● Task directions: Nothing but the lines from the one with "Definition bounded_Rd (d" through the final line of the entries below should be written out, each exactly as given.

Saved data entries:
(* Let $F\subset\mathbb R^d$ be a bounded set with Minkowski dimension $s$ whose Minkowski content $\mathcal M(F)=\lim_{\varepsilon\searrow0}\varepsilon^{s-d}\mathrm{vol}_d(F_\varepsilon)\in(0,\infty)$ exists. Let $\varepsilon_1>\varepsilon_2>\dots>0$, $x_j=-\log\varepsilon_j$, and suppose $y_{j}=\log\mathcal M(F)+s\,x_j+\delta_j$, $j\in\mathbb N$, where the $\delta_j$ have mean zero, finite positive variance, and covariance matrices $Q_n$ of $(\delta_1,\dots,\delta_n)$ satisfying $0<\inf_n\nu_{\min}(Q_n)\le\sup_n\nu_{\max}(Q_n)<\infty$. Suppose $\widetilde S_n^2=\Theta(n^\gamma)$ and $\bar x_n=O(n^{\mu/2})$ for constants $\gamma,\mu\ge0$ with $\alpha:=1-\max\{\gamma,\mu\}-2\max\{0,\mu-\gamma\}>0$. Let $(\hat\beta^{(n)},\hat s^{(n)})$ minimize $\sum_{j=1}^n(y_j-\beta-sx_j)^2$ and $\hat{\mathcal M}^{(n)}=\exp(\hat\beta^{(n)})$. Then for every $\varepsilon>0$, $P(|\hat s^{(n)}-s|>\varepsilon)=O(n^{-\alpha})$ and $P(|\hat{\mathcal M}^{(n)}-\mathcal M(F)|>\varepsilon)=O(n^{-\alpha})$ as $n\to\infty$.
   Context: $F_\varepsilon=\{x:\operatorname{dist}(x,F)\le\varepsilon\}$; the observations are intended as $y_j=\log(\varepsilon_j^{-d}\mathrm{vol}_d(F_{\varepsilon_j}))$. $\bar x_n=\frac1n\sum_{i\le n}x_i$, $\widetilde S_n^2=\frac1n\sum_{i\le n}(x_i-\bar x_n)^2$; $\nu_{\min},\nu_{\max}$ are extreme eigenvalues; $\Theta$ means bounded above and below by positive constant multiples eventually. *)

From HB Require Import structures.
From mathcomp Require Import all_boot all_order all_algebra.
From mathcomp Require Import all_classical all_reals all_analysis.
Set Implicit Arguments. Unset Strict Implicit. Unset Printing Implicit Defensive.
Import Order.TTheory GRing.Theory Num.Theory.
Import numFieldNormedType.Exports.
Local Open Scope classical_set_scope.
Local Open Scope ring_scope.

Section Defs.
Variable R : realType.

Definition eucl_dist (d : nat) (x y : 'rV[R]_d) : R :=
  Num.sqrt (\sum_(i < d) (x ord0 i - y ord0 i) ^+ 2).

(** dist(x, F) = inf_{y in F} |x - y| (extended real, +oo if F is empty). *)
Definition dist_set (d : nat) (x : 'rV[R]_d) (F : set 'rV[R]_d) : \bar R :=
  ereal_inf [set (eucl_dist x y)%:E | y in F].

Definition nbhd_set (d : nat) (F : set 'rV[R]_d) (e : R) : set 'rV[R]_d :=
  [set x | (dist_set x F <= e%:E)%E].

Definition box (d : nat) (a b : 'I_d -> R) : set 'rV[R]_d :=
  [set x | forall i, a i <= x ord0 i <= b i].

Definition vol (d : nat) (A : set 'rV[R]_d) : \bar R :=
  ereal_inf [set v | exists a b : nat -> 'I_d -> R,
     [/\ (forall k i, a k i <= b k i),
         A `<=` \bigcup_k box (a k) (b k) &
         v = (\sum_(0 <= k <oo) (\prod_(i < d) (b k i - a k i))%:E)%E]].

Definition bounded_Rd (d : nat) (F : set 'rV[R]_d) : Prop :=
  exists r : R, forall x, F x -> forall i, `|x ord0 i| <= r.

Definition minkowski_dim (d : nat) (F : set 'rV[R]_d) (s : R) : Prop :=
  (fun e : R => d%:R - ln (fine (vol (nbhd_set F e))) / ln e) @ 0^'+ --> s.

● Exercise output:
Definition bounded_Rd (d : nat) (F : set 'rV[R]_d) : Prop :=
  exists r : R, forall x, F x -> forall i, `|x ord0 i| <= r.

Definition minkowski_dim (d : nat) (F : set 'rV[R]_d) (s : R) : Prop :=
  (fun e : R => d%:R - ln (fine (vol (nbhd_set F e))) / ln e) @ 0^'+ --> s.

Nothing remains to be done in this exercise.